First Look

First Look summarizes new working papers, case studies, and publications produced by Harvard Business School faculty. Readers receive early knowledge of cutting-edge ideas before they enter the mainstream of business practice. For complete details on faculty research, see our Working Papers section.

Nov. 1

India's lower caste entrepreneurs

While India's lower castes have won greater political representation, they have not realized as much entrepreneurial success, according to preliminary data published in the new working paper, Caste and Entrepreneurship in India. Researchers Lakshmi Iyer, Tarun Khanna, and Ashutosh Varshney write that the Scheduled Castes and Scheduled Tribes "are significantly under-represented in the ownership of enterprises and the share of the workforce employed by them," citing census data from 1990, 1998, and 2005. One potential reason is that these groups have relatively smaller networks from which to find the right workers, suppliers, and customers.

Del Monte in a pickle

A recently introduced case series explores fiduciary and other responsibilities between a board of directors, a potential buyer, and the board's financial advisor. "In a Pickle: Barclays Capital and the Sale of Del Monte Foods" hinges on a lawsuit challenging the foodmaker's sale to an investment group. The A, B, and C cases lay out the legal challenge, Delaware Chancery Court Vice Chancellor J. Travis Laster's finding of too cozy a relationship between Del Monte's financial counsel, Barclay's Capital, and the investment group headed by Kohlberg Kravis Roberts, and the ultimate outcome of the sale. The case was written by John Coates, Clayton Rose, and David Lane.
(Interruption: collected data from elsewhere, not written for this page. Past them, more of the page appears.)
Section ProductFamilies.
Variables O1 O2 : Type.
Implicit Types (a : set O1) (b : set O2) (A : set (set O1)) (B : set (set O2)).

Lemma setX_inj a a' b b' :
  a !=set0 -> b !=set0 -> a `*` b = a' `*` b' -> a = a' /\ b = b'.
Proof.
move=> [u au] [v bv] eab.
have mem x y : a x /\ b y <-> a' x /\ b' y.
  by have := congr1 (fun C => C (x, y)) eab => /= ->.
have [a'u b'v] := (mem u v).1 (conj au bv).
split; apply/seteqP; split=> x.
- by move=> ax; case: ((mem x v).1 (conj ax bv)).
- by move=> a'x; case: ((mem x v).2 (conj a'x b'v)).
- by move=> bx; case: ((mem u x).1 (conj au bx)).
- by move=> b'x; case: ((mem u x).2 (conj a'u b'x)).
Qed.

Lemma famXE A B : famX A B = [set a `*` b | a in A & b in B].
Proof.
apply/seteqP; split=> C /=.
- by move=> [a [b [Aa [Bb ->]]]]; exists a => //; exists b.
- by move=> [a Aa [b Bb <-]]; exists a, b.
Qed.

Lemma famX1 a b : famX [set a] [set b] = [set a `*` b].
Proof.
apply/seteqP; split=> C /=; first by move=> [_ [_ [-> [-> ->]]]].
by move=> ->; exists a, b.
Qed.

Lemma famX_fpartition A B :
  is_fpartition A -> is_fpartition B -> is_fpartition (famX A B).
Proof.
move=> [finA [A0 [disjA covA]]] [finB [B0 [disjB covB]]].
split; [|split; [|split]].
- by rewrite famXE; apply: finite_image2.
- move=> _ [a [b [Aa [Bb ->]]]]; apply/neq0P.
  have [u au] := (neq0P a).1 (A0 _ Aa); have [v bv] := (neq0P b).1 (B0 _ Bb).
  by exists (u, v).
- move=> _ _ [a [b [Aa [Bb ->]]]] [a' [b' [Aa' [Bb' ->]]]].
  move=> /neq0P [[u v] [[/= au bv] [/= a'u b'v]]].
  have -> : a = a' by apply: disjA => //; apply/neq0P; exists u.
  by have -> : b = b' by apply: disjB => //; apply/neq0P; exists v.
- move=> [u v]; have [a [Aa au]] := covA u; have [b [Bb bv]] := covB v.
  by exists (a `*` b); split => //; exists a, b.
Qed.

Lemma famX_refines A A' B B' :
  refines A A' -> refines B B' -> refines (famX A B) (famX A' B').
Proof.
move=> AA' BB' _ [a [b [Aa [Bb ->]]]].
have [a' [A'a' aa']] := AA' a Aa; have [b' [B'b' bb']] := BB' b Bb.
by exists (a' `*` b'); split; [exists a', b' | exact: setSX].
Qed.

Lemma famX_subset A A' B B' :
  is_fpartition A -> is_fpartition B -> A !=set0 -> B !=set0 ->
  famX A B `<=` famX A' B' -> A `<=` A' /\ B `<=` B'.
Proof.
move=> pA pB [a0 Aa0] [b0 Bb0] AB.
have sides a b : A a -> B b -> A' a /\ B' b.
  move=> Aa Bb; have : famX A B (a `*` b) by exists a, b.
  move=> /AB [a' [b' [A'a' [B'b' eab]]]].
  have a_neq0 := fpartition_block_neq0 pA Aa.
  have b_neq0 := fpartition_block_neq0 pB Bb.
  by have [-> ->] := setX_inj a_neq0 b_neq0 eab.
by split=> [a Aa | b Bb]; [exact: (sides a b0 Aa Bb0).1 | exact: (sides a0 b Aa0 Bb).2].
Qed.

Lemma famX_inj A A' B B' (w1 : O1) (w2 : O2) :
  is_fpartition A -> is_fpartition A' -> is_fpartition B -> is_fpartition B' ->
  famX A B = famX A' B' -> A = A' /\ B = B'.
Proof.
move=> pA pA' pB pB' AB.
have [|AA' BB'] := famX_subset (A' := A') (B' := B') pA pB
  (fpartition_neq0 w1 pA) (fpartition_neq0 w2 pB); first by rewrite AB.
have [|A'A B'B] := famX_subset (A' := A) (B' := B) pA' pB'
  (fpartition_neq0 w1 pA') (fpartition_neq0 w2 pB'); first by rewrite AB.
by split; apply/seteqP.
Qed.

Lemma famX_pprod A A' B B' :
  famX (pprod A A') (pprod B B') = pprod (famX A B) (famX A' B').
Proof.
apply/seteqP; split=> C.
- move=> [_ [_ [[a [a' [Aa [Aa' [-> /neq0P [u aa'u]]]]]]
             [[b [b' [Bb [Bb' [-> /neq0P [v bb'v]]]]]] ->]]]].
  exists (a `*` b), (a' `*` b'); split; first by exists a, b.
  split; first by exists a', b'.
  by split; [rewrite setXI | apply/neq0P; exists (u, v)].
- move=> [_ [_ [[a [b [Aa [Bb ->]]]] [[a' [b' [Aa' [Bb' ->]]]] [->]]]]].
  move=> /neq0P [[u v] [[/= au bv] [/= a'u b'v]]].
  exists (a `&` a'), (b `&` b'); split.
    by exists a, a'; do 3 split => //; apply/neq0P; exists u.
  split; last by rewrite setXI.
  by exists b, b'; do 3 split => //; apply/neq0P; exists v.
Qed.

End ProductFamilies.

Section ClassicalModel.
Variables (S : infoStr) (Omega : Type) (rho : ob S -> set (set Omega)).
Hypothesis CM : classical_model rho.

Lemma classical_model_inhabited (X : ob S) : E X -> inhabited Omega.
Proof.
case: CM => P [_ [_ [/(_ X) [f [_ [fX _]]] _]]] e.
by have [w _] := fpartition_block_neq0 (P X) (fX e).
Qed.

Lemma classical_model_singleton (X : ob S) (e : E X) :
  (forall e', e' = e) -> rho X = [set setT].
Proof.
case: CM => /(_ X) [_ [_ [_ covX]]] [_ [_ [/(_ X) [f [_ [fX fonto]]] _]]] eE.
have blockE A : rho X A -> A = f e by move=> /fonto [x <-]; rewrite (eE x).
have feT : f e = setT.
  by apply/seteqP; split=> // w _; have [A [/blockE <-]] := covX w.
by apply/seteqP; split=> A; [move=> /blockE -> | move=> ->]; rewrite -?feT.
Qed.

End ClassicalModel.

Lemma classical_model_comp (T S : infoStr) (Omega : Type)
    (rho : ob S -> set (set Omega)) (j : ob T -> ob S) :
  injective j -> {homo j : a b / le a b} ->
  (forall a b m, is_meet a b m -> is_meet (j a) (j b) (j m)) ->
  (forall a, exists g : E a -> E (j a), bijective g) ->
  classical_model rho -> classical_model (rho \o j).
Proof.
move=> jI jle jmeet jE [P [R [I [B M]]]].
split; [|split; [|split; [|split]]].
- by move=> a; apply: P.
- by move=> a b /jle; apply: R.
- by move=> a b /I /jI.
- move=> a; have [g [g' gK g'K]] := jE a; have [f [fI [fX fonto]]] := B (j a).
  exists (f \o g); split; [|split].
  + exact: inj_comp fI (can_inj gK).
  + by move=> x; apply: fX.
  + by move=> A /fonto [y <-]; exists (g' y); rewrite /= g'K.
- by move=> a b m /jmeet /M.
Qed.

Lemma is_meet_prodIS (S1 S2 : infoStr) (x y m : ob (prodIS S1 S2)) :
  is_meet x y m -> is_meet x.1 y.1 m.1 /\ is_meet x.2 y.2 m.2.
Proof.
case: x y m => [x1 x2] [y1 y2] [m1 m2] [/andP [mx1 mx2] [/andP [my1 my2] glb]].
split; split=> //; split=> // Z Zx Zy.
- by have /andP [] := glb (Z, m2) (introT andP (conj Zx mx2)) (introT andP (conj Zy my2)).
- by have /andP [] := glb (m1, Z) (introT andP (conj mx1 Zx)) (introT andP (conj my1 Zy)).
Qed.

Lemma classical_model_prod (S1 S2 : infoStr) (O1 O2 : Type)
    (rho1 : ob S1 -> set (set O1)) (rho2 : ob S2 -> set (set O2))
    (w1 : O1) (w2 : O2) :
  classical_model rho1 -> classical_model rho2 ->
  classical_model (rho_prod rho1 rho2).
Proof.
move=> [P1 [R1 [I1 [B1 M1]]]] [P2 [R2 [I2 [B2 M2]]]].
split; [|split; [|split; [|split]]].
- by move=> X; apply: famX_fpartition.
- by move=> X Y /andP [XY1 XY2]; apply: famX_refines; [apply: R1 | apply: R2].
- move=> [x1 x2] [y1 y2] /(famX_inj w1 w2 (P1 x1) (P1 y1) (P2 x2) (P2 y2)).
  by case=> /I1 -> /I2 ->.
- move=> [x1 x2]; have [f [fI [fX fonto]]] := B1 x1.
  have [g [gI [gX gonto]]] := B2 x2.
  exists (fun e => f e.1 `*` g e.2); split; [|split].
  + move=> [e1 e2] [e1' e2'] /=.
    move=> /(setX_inj (fpartition_block_neq0 (P1 x1) (fX e1))
                      (fpartition_block_neq0 (P2 x2) (gX e2))).
    by case=> /fI -> /gI ->.
  + by move=> [e1 e2]; exists (f e1), (g e2).
  + by move=> _ [a [b [/fonto [e1 <-] [/gonto [e2 <-] ->]]]]; exists (e1, e2).
- move=> x y m /is_meet_prodIS [m1 m2].
  by rewrite /rho_prod (M1 _ _ _ m1) (M2 _ _ _ m2) famX_pprod.
Qed.

Definition coprod_emb (S1 S2 : infoStr) (a : cob S1 S2) : ob (prodIS S1 S2) :=
  match a with
  | None => (top S1, top S2)
  | Some (inl x) => (proj1_sig x, top S2)
  | Some (inr y) => (top S1, proj1_sig y)
  end.

Lemma rho_coprod_emb (S1 S2 : infoStr) (O1 O2 : Type)
    (rho1 : ob S1 -> set (set O1)) (rho2 : ob S2 -> set (set O2)) :
  rho1 (top S1) = [set setT] -> rho2 (top S2) = [set setT] ->
  rho_coprod rho1 rho2 = rho_prod rho1 rho2 \o @coprod_emb S1 S2.
Proof.
move=> top1 top2; apply/funext => -[[x|y]|] /=; rewrite /rho_prod /= ?top1 ?top2 //.
by rewrite famX1 setXTT.
Qed.

Section CoproductEmbedding.
Variables (S1 S2 : infoStr) (h1 : forall X : ob S1, le X (top S1))
  (to1 : forall Y : ob S2, E Y -> E (top S1)).
Hypotheses (IS1 : is_info_structure S1) (IS2 : is_info_structure S2).
Local Notation C := (coprodIS h1 to1).

Lemma coprod_emb_inj : injective (@coprod_emb S1 S2).
Proof.
move=> [[[x xt]|[y yt]]|] [[[x' x't]|[y' y't]]|] //= [].
- by move=> xx'; congr (Some (inl _)); apply: eq_exist.
- by move/xt.
- by move/xt.
- by move=> /esym/x't.
- by move=> yy'; congr (Some (inr _)); apply: eq_exist.
- by move/yt.
- by move=> /esym/x't.
- by move=> /esym/y't.
Qed.

Lemma coprod_emb_homo (a b : ob C) :
  le a b -> le (coprod_emb a) (coprod_emb b).
Proof.
case: a b => [[x|y]|] [[x'|y']|] //= ab.
all: by rewrite ?ab ?info_le_top ?info_le_refl.
Qed.

Lemma coprod_emb_lower_bound (a b m : ob C) (Z : ob (prodIS S1 S2)) :
  le m a -> le m b -> le Z (coprod_emb a) -> le Z (coprod_emb b) ->
  exists2 c : ob C, le c a /\ le c b & le Z (coprod_emb c).
Proof.
case: Z a b => Z1 Z2 [[[x xt]|[y yt]]|] [[[x' x't]|[y' y't]]|] ma mb Za Zb.
all: try by case: m ma mb => [[]|].
- case/andP: Za => /= Z1x _; case/andP: Zb => /= Z1x' _.
  exists (Some (inl (exist _ Z1 (info_le_neq_top IS1 Z1x xt)))) => //=.
  by rewrite (info_le_refl IS1) (info_le_top IS2).
- by exists (Some (inl (exist _ x xt))); rewrite //= info_le_refl.
- case/andP: Za => /= _ Z2y; case/andP: Zb => /= _ Z2y'.
  exists (Some (inr (exist _ Z2 (info_le_neq_top IS2 Z2y yt)))) => //=.
  by rewrite (info_le_top IS1) (info_le_refl IS2).
- by exists (Some (inr (exist _ y yt))); rewrite //= info_le_refl.
- by exists (Some (inl (exist _ x' x't))); rewrite //= info_le_refl.
- by exists (Some (inr (exist _ y' y't))); rewrite //= info_le_refl.
- by exists None.
Qed.

Lemma coprod_emb_meet (a b m : ob C) :
  is_meet a b m -> is_meet (coprod_emb a) (coprod_emb b) (coprod_emb m).
Proof.
move=> [ma [mb glb]]; split; first exact: coprod_emb_homo.
split; first exact: coprod_emb_homo.
move=> [Z1 Z2] Za Zb.
have [c [ca cb] /andP [Zc1 Zc2]] := coprod_emb_lower_bound ma mb Za Zb.
have /andP [cm1 cm2] := coprod_emb_homo (glb c ca cb).
by apply/andP; split; [exact: info_le_trans Zc1 cm1 | exact: info_le_trans Zc2 cm2].
Qed.

Lemma coprod_emb_bij (a : ob C) :
  exists g : E a -> E (coprod_emb a), bijective g.
Proof.
have [e1 e1E] := info_top_singleton IS1; have [e2 e2E] := info_top_singleton IS2.
case: a => [[x|y]|].
- by exists (fun e => (e, e2)); apply: bij_pair_r.
- by exists (fun e => (e1, e)); apply: bij_pair_l.
- by exists (fun e => (e, e2)); apply: bij_pair_r.
Qed.

End CoproductEmbedding.

Unset Implicit Arguments.
Set Strict Implicit.

Theorem proposition2p15 (S1 S2 : infoStr) (O1 O2 : Type)
  (rho1 : ob S1 -> set (set O1)) (rho2 : ob S2 -> set (set O2))
  (h1 : forall X : ob S1, le X (top S1))
  (to1 : forall Y : ob S2, E Y -> E (top S1)) :
  is_info_structure S1 -> is_info_structure S2 ->
  classical_model rho1 -> classical_model rho2 ->
  classical_model (rho_prod rho1 rho2) /\
  classical_model (S := coprodIS h1 to1) (rho_coprod rho1 rho2).
Proof.
move=> IS1 IS2 CM1 CM2.
have [e1 e1E] := info_top_singleton IS1; have [e2 e2E] := info_top_singleton IS2.
have [w1] := classical_model_inhabited CM1 e1.
have [w2] := classical_model_inhabited CM2 e2.
have CMprod := classical_model_prod w1 w2 CM1 CM2.
split=> //.
rewrite (rho_coprod_emb (classical_model_singleton CM1 e1E)
                        (classical_model_singleton CM2 e2E)).
apply: (classical_model_comp (T := coprodIS h1 to1)) CMprod.
- exact: coprod_emb_inj.
- exact: coprod_emb_homo.
- exact: coprod_emb_meet.
- exact: coprod_emb_bij.
Qed.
Creating strategy in a Chinese state-owned enterprise

The unique management challenges faced by a manager in a state-owned enterprise in China are discussed in a case about Dongfeng Passenger Vehicle Company in Wuhan, China. Authors Willy Shih and Nancy Hua Dai look over the shoulder of Mr. Li Chunrong, who is trying to build a brand as a latecomer to a market with plenty of competition. Should his business unit concentrate on an underserved five-province market or attack more competitive coastal areas?

 

Publications

Blind Spots

An abstract is unavailable at this time.

Read the article: http://www.themontrealreview.com/2009/Blind-Spots-Bazerman-and-Tenbrunsel.php

KFC's Radical Approach to China

An abstract is unavailable at this time.

Read the article: http://hbr.org/2011/11/kfcs-radical-approach-to-china/ar/1

Tax Policy and the Efficiency of U.S. Direct Investment Abroad

Abstract

Deferral of U.S. taxes on foreign source income is commonly characterized as a subsidy to foreign investment, as reflected in its inclusion among "tax expenditures" and occasional calls for its repeal. This paper analyzes the extent to which tax deferral and other policies inefficiently subsidize U.S. direct investment abroad. Investments are dynamically inefficient if they consistently generate fewer returns to investors than they absorb in new investment funds. From 1982 to 2010, repatriated earnings from foreign affiliates exceeded net capital investments by $1.1 trillion in 2010 dollars; and from 1950 to 2010, repatriated earnings and net interest from foreign affiliates exceeded net equity investments and loans by $2.1 trillion in 2010 dollars. By either measure, cash flows received from abroad exceeded 160% of net investments, implying that foreign investment over these periods was dynamically efficient.

Read the article: http://papers.ssrn.com/sol3/papers.cfm?abstract_id=1875750

How Great Companies Think Differently

Abstract

Corporate leaders have long subscribed to the belief that the sole purpose of business is to make money. That narrow view, deeply embedded in the American capitalist system, molds the actions of most corporations, constraining them to focus on maximizing short-term profits and returns to shareholders at the expense of worker safety and health, the environment, and society in general. In this article, I argue that a very different logic informs the practices of most high-performing and sustainable companies: institutional logic. These companies believe that they are more than money-making machines: they are a vehicle for advancing societal goals. They deliver more than just financial returns; they also build enduring institutions. At great companies researched for this article, institutional logic takes its place beside financial logic in managerial decision making. Six facets of institutional logic-a common purpose, a long-term focus, emotional engagement, partnering with the public, innovation, and self-organization-radically alter leadership and corporate behavior and form the building blocks of a more sustainable competitive advantage.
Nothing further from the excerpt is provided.